مَا اجْتَمَعَ قَوْمٌ فِي بَيْتٍ مِنْ بُيُوتِ اللَّهِ يَتْلُونَ كِتَابَ اللَّهِ وَيَتَدَارَسُونَهُ بَيْنَهُمْ إِلَّا نَزَلَتْ عَلَيْهِمُ السَّكِينَةُ وَغَشِيَتْهُمُ الرَّحْمَةُ وَحَفَّتْهُمُ الْمَلَائِكَةُ وَذَكَرَهُمُ اللَّهُ فِيمَنْ عِنْدَهُ

Tidaklah suatu kaum berkumpul di salah satu rumah Allah Azza wa Jalla untuk membaca Kitabullah (Al-Qur`an) dan mereka saling mempelajarinya kecuali sakinah (ketenangan) akan turun kepada mereka, majlis mereka penuh dengan rahmat dan para malaikat akan mengelilingi (majlis) mereka serta Allah akan menyebutkan mereka (orang yang ada dalam majlis tersebut) di hadapan para malaikat yang di sisi-Nya. [HR. Muslim]
6. Bacaan Al-Qur`an merupakan “Hilyah” (perhiasan) bagi Ahlul Iman (orang-orang yang beriman).

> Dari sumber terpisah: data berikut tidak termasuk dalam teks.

(* Collection with a single unbounded variable [v]; monotonicity in [v] makes the
   bounded [sup_{v <= sc}] of the axiom attained at [v = sc]. *)
Lemma binf_sup_comm A x t sc v :
  is_affine A = true -> NoDup (x :: t :: sc :: v :: nil) ->
  f_occ t A = false -> f_occ sc A = false -> monotone_in K true v A ->
  equiv_in K (fbinf x (tvar t) (fsup v A)) (fsup v (fbinf x (tvar t) A)).
Proof.
  intros Ha Hnd Ht Hsc Hm rho.
  assert (Hdist : x <> t /\ x <> sc /\ x <> v /\ t <> sc /\ t <> v /\ sc <> v)
    by (rewrite !NoDup_cons_iff in Hnd; simpl in Hnd; intuition subst; intuition).
  destruct Hdist as (Hxt & Hxsc & Hxv & Htsc & Htv & Hscv).
  pose proof (HC A x t sc (v :: nil) Ha Hnd Ht Hsc rho) as Hcoll.
  unfold coll_lhs, coll_rhs in Hcoll. cbn [fold_right feval teval] in Hcoll |- *.
  rewrite Hcoll. apply Sup_ext. intros e. apply Inf_ext. intros c.
  rewrite !upd_other, upd_same by auto.
  rewrite (Sup_meet_attained K HK (fun d => feval (upd (upd (upd rho sc e) x (s_meet c (rho t))) v d) A)).
  - rewrite (upd_other _ _ _ t), (upd_comm rho sc x), (upd_comm _ sc v), feval_upd_nocc by auto.
    now rewrite upd_comm by auto.
  - intros d. apply (Hm _ _ _ (le_meet_r K HK d e)).
Qed.

Lemma bsup_inf_comm G A y s sc v :
  is_affine A = true -> equiv_in K G A -> f_occ s A = false -> f_occ sc A = false ->
  NoDup (y :: s :: sc :: v :: nil) -> monotone_in K false v G ->
  equiv_in K (fbsup y (tvar s) (finf v G)) (finf v (fbsup y (tvar s) G)).
Proof.
  intros Ha HGA Hs Hsc Hnd Hm rho.
  assert (HmA : monotone_in K true v (fscale (-1) A)).
  { intros r c c' Hle. specialize (Hm r c c' Hle). simpl. rewrite <- !HGA. lra. }
  pose proof (binf_sup_comm (fscale (-1) A) y s sc v Ha Hnd Hs Hsc HmA rho) as Hcomm.
  transitivity (- feval rho (fbinf y (tvar s) (fsup v (fscale (-1) A)))).
  - cbn [feval teval]. unfold Inf. rewrite Ropp_involutive.
    apply Sup_ext. intros c. f_equal. apply Sup_ext. intros d. rewrite HGA. ring.
  - rewrite Hcomm. cbn [feval teval]. unfold Inf. f_equal.
    apply Sup_ext. intros d. f_equal. apply Sup_ext. intros c. rewrite HGA. ring.
Qed.

Lemma bsup_prenex_comm y s sc pre th al :
  is_affine al = true -> equiv_in K th al -> f_occ s al = false -> f_occ sc al = false ->
  NoDup (map snd pre) -> (forall v, In v (map snd pre) -> v <> y /\ v <> s /\ v <> sc) ->
  y <> s -> y <> sc -> s <> sc -> (forall b v, In (b, v) pre -> monotone_in K b v th) ->
  equiv_in K (fbsup y (tvar s) (prenex pre th)) (prenex pre (fbsup y (tvar s) th)).
Proof.
  intros Ha Heq Hs Hsc. induction pre as [|[q w] p IH]; intros Hnd Hv Hys Hysc Hssc Hm rho;
    [reflexivity|].
  simpl in Hnd. inversion Hnd as [|? ? Hnin Hnd']. subst.
  destruct (Hv w (or_introl eq_refl)) as [Hwy [Hws Hwsc]].
  assert (IH' : equiv_in K (fbsup y (tvar s) (prenex p th)) (prenex p (fbsup y (tvar s) th)))
    by (apply IH; auto; intros; [apply Hv | apply Hm]; simpl; auto).
  destruct q; cbn [prenex].
  - cbn [feval teval].
    rewrite (Sup_swap (fun c d => feval (upd (upd rho y (s_meet c (rho s))) w d) (prenex p th))
               s_zero s_zero (fbound (prenex p th))) by (intros; apply feval_ub).
    apply Sup_ext. intros d. rewrite <- IH'. cbn [feval teval].
    apply Sup_ext. intros c. now rewrite (upd_other _ _ _ s), upd_comm by auto.
  - rewrite (bsup_inf_comm (prenex p th) (prenex p al) y s sc w).
    + cbn [feval]. apply Inf_ext. intros d. apply IH'.
    + now apply affine_prenex.
    + now apply prenex_congr.
    + now apply prenex_nocc.
    + now apply prenex_nocc.
    + repeat constructor; simpl; intuition.
    + apply monotone_prenex; auto. apply Hm. simpl; auto.
Qed.

End CollectionConsequences.

Section Transfer.
Variables M N : LStr.
Variable e : Embedding M N.
Hypothesis Hcof : Cofinal e.
Hypothesis HS : Sigma0_elementary e.

Lemma emb_upd (rho : nat -> M) w m : (fun n => e (upd rho w m n)) = upd (fun n => e (rho n)) w (e m).
Proof. apply functional_extensionality. intros n. unfold upd. now destruct (Nat.eqb n w). Qed.

Lemma prenex_transfer pre th : is_Sigma0 th = true -> NoDup (map snd pre) ->
  (forall b v, In (b, v) pre -> monotone_in N b v th) ->
  forall rho : nat -> M, feval rho (prenex pre th) = feval (fun n => e (rho n)) (prenex pre th).
Proof.
  intros Hth. induction pre as [|[q w] p IH]; intros Hnd Hm rho; [now apply HS|].
  simpl in Hnd. inversion Hnd as [|? ? Hnin Hnd']. subst.
  assert (Hmw : monotone_in N q w (prenex p th))
    by (apply monotone_prenex; auto; apply Hm; simpl; auto).
  assert (IH' : forall m, feval (upd rho w m) (prenex p th) =
                         feval (upd (fun n => e (rho n)) w (e m)) (prenex p th)).
  { intros m. rewrite <- emb_upd. apply IH; auto. intros; apply Hm; simpl; auto. }
  set (f := fun c => feval (upd (fun n => e (rho n)) w c) (prenex p th)).
  destruct q; cbn [prenex feval].
  - rewrite (Sup_ext _ _ IH').
    symmetry. apply (Sup_comp_cofinal f e s_zero (fbound (prenex p th))); [intros; apply feval_ub|].
    intros c. destruct (Hcof c) as [m Hle]. exists m. exact (Hmw _ c (e m) Hle).
  - rewrite (Inf_ext _ _ IH').
    symmetry. apply (Inf_comp_cofinal f e s_zero (- fbound (prenex p th))); [intros; apply feval_lb|].
    intros c. destruct (Hcof c) as [m Hle]. exists m. exact (Hmw _ c (e m) Hle).
Qed.

End Transfer.

Record prenex_sem (K : LStr) (phi : formula) (pre : list (bool * nat)) (m a : formula) : Prop := {
  ps_twin : equiv_in K m a;
  ps_prenex : equiv_in K phi (prenex pre m);
  ps_monotone : forall b v, In (b, v) pre -> monotone_in K b v m
}.

(* The Sigma_0 matrix [m] comes with an equivalent affine twin [a], to which the
   collection axioms can be applied.  The variables of [phi] are below [B0]; the
   prefix variables are fresh ones drawn from [n, n'). *)
Record prenex_form (B0 : nat) (phi : formula) (pre : list (bool * nat)) (m a : formula)
    (n n' : nat) : Prop := {
  pf_le : (n <= n')%nat;
  pf_matrix : is_Sigma0 m = true;
  pf_twin : is_affine a = true;
  pf_NoDup : NoDup (map snd pre);
  pf_range : forall v, In v (map snd pre) -> (n <= v < n')%nat;
  pf_twin_vars : vars_in (fun v => v < B0 \/ n <= v < n')%nat a;
  pf_sem : forall K, meet_semilattice K -> Collection K -> prenex_sem K phi pre m a
}.

Section PrenexForm.
Variable B0 : nat.

Lemma prenex_form_atom phi n : (phi = fone \/ exists t u, phi = fdist t u) ->
  vars_in (fun v => v < B0)%nat phi -> prenex_form B0 phi nil phi phi n n.
Proof.
  intros Hphi Hv. split; simpl; try tauto.
  - lia.
  - destruct Hphi as [->|[t [u ->]]]; reflexivity.
  - destruct Hphi as [->|[t [u ->]]]; reflexivity.
  - constructor.
  - eapply vars_in_impl; [|exact Hv]. simpl. lia.
  - intros K _ _. split; simpl; try tauto; intros rho; reflexivity.
Qed.

Lemma prenex_form_plus a b pa ma aa pb mb ab n n1 n2 :
  vars_in (fun v => v < B0)%nat a -> vars_in (fun v => v < B0)%nat b -> (B0 <= n)%nat ->
  prenex_form B0 a pa ma aa n n1 -> prenex_form B0 b pb mb ab n1 n2 ->
  prenex_form B0 (fplus a b) (pa ++ pb) (fplus ma mb) (fplus aa ab) n n2.
Proof.
  intros Hva Hvb HB [Hle1 Hm1 Ht1 Hnd1 Hr1 Hv1 Hs1] [Hle2 Hm2 Ht2 Hnd2 Hr2 Hv2 Hs2]. split.
  - lia.
  - simpl. now rewrite Hm1, Hm2.
  - simpl. now rewrite Ht1, Ht2.
  - rewrite map_app. apply NoDup_app; auto.
    intros v H1 H2. apply Hr1 in H1. apply Hr2 in H2. lia.
  - intros v. rewrite map_app. intros [H|H]%in_app_or;
      [apply Hr1 in H | apply Hr2 in H]; lia.
  - simpl. split; (eapply vars_in_impl; [|eassumption]); simpl; lia.
  - intros K HK HC. destruct (Hs1 K HK HC) as [Ea Pa Ma], (Hs2 K HK HC) as [Eb Pb Mb].
    assert (Ib : forall v, In v (map snd pa) -> indep K v (prenex pb mb)).
    { intros v Hv. apply (indep_of_equiv K _ b); [intros rho; now rewrite Pb|].
      apply (vars_in_nocc _ _ _ Hvb). apply Hr1 in Hv. lia. }
    assert (Ia : forall v, In v (map snd pb) -> indep K v ma).
    { intros v Hv. apply (indep_of_equiv K _ aa); auto.
      apply (vars_in_nocc _ _ _ Hv1). apply Hr2 in Hv. lia. }
    assert (Ib' : forall v, In v (map snd pa) -> indep K v mb).
    { intros v Hv. apply (indep_of_equiv K _ ab); auto.
      apply (vars_in_nocc _ _ _ Hv2). apply Hr1 in Hv. lia. }
    split.
    + intros rho. simpl. now rewrite Ea, Eb.
    + intros rho. transitivity (feval rho (fplus (prenex pa ma) (prenex pb mb))).
      { simpl. now rewrite Pa, Pb. }
      rewrite (prenex_plus_l K pa ma (prenex pb mb) Ib rho), prenex_app.
      apply prenex_congr. intros r. now rewrite <- (prenex_plus_r K pb ma mb Ia r).
    + intros b0 v [Hin|Hin]%in_app_or.
      * apply monotone_plus_l; auto. apply Ib'. exact (in_map snd _ _ Hin).
      * apply monotone_plus_r; auto. apply Ia. exact (in_map snd _ _ Hin).
Qed.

مَثَلُ الْمُؤْمِنِ الَّذِي يَقْرَأُ الْقُرْآنَ مَثَلُ الْأُتْرُجَّةِ رِيحُهَا طَيِّبٌ وَطَعْمُهَا طَيِّبٌ وَمَثَلُ الْمُؤْمِنِ الَّذِي لَا يَقْرَأُ الْقُرْآنَ مَثَلُ التَّمْرَةِ لَا رِيحَ لَهَا وَطَعْمُهَا حُلْوٌ وَمَثَلُ الْمُنَافِقِ الَّذِي يَقْرَأُ الْقُرْآنَ مَثَلُ الرَّيْحَانَةِ رِيحُهَا طَيِّبٌ وَطَعْمُهَا مُرٌّ وَمَثَلُ الْمُنَافِقِ الَّذِي لَا يَقْرَأُ الْقُرْآنَ كَمَثَلِ الْحَنْظَلَةِ لَيْسَ لَهَا رِيحٌ وَطَعْمُهَا مُرٌّ

Perumpamaan orang mu`min yang membaca Al-Qur`an laksana buah “Al-Utrujah” (semacam jeruk manis) yang rasanya lezat dan harum aromanya, dan perumpamaan orang mu`min yang tidak membaca Al-Qur`an ibarat buah “At-Tamr” (kurma) rasanya lezat dan manis namun tidak ada aromanya, dan perumpamaan orang munafiq yang membaca Al-Qur`an ibarat “Ar-Raihanah” (sejenis tumbuhan yang harum) semerbak aromanya (wangi) namun pahit rasanya, dan perumpamaan orang munafiq yang tidak membaca Al-Qur`an ibarat buah “Al-Handhalah” (nama buah) rasanya pahit dan baunya tidak sedap”. [HR. Bukhari, Muslim dari Abi Musa Al-Asy`ary Radhiyallahu 'anhu].
Dan diriwayatkan Rasulullah Shallallahu ‘alaihi wa sallam juga mengibaratkan bagi orang mukmin yang tidak pernah membaca Al-Qur`an (tidak ada bacaan Al-Qur`an didadanya) ibarat rumah yang tak berpenghuni; gelap, kotor, seolah-olah akan roboh.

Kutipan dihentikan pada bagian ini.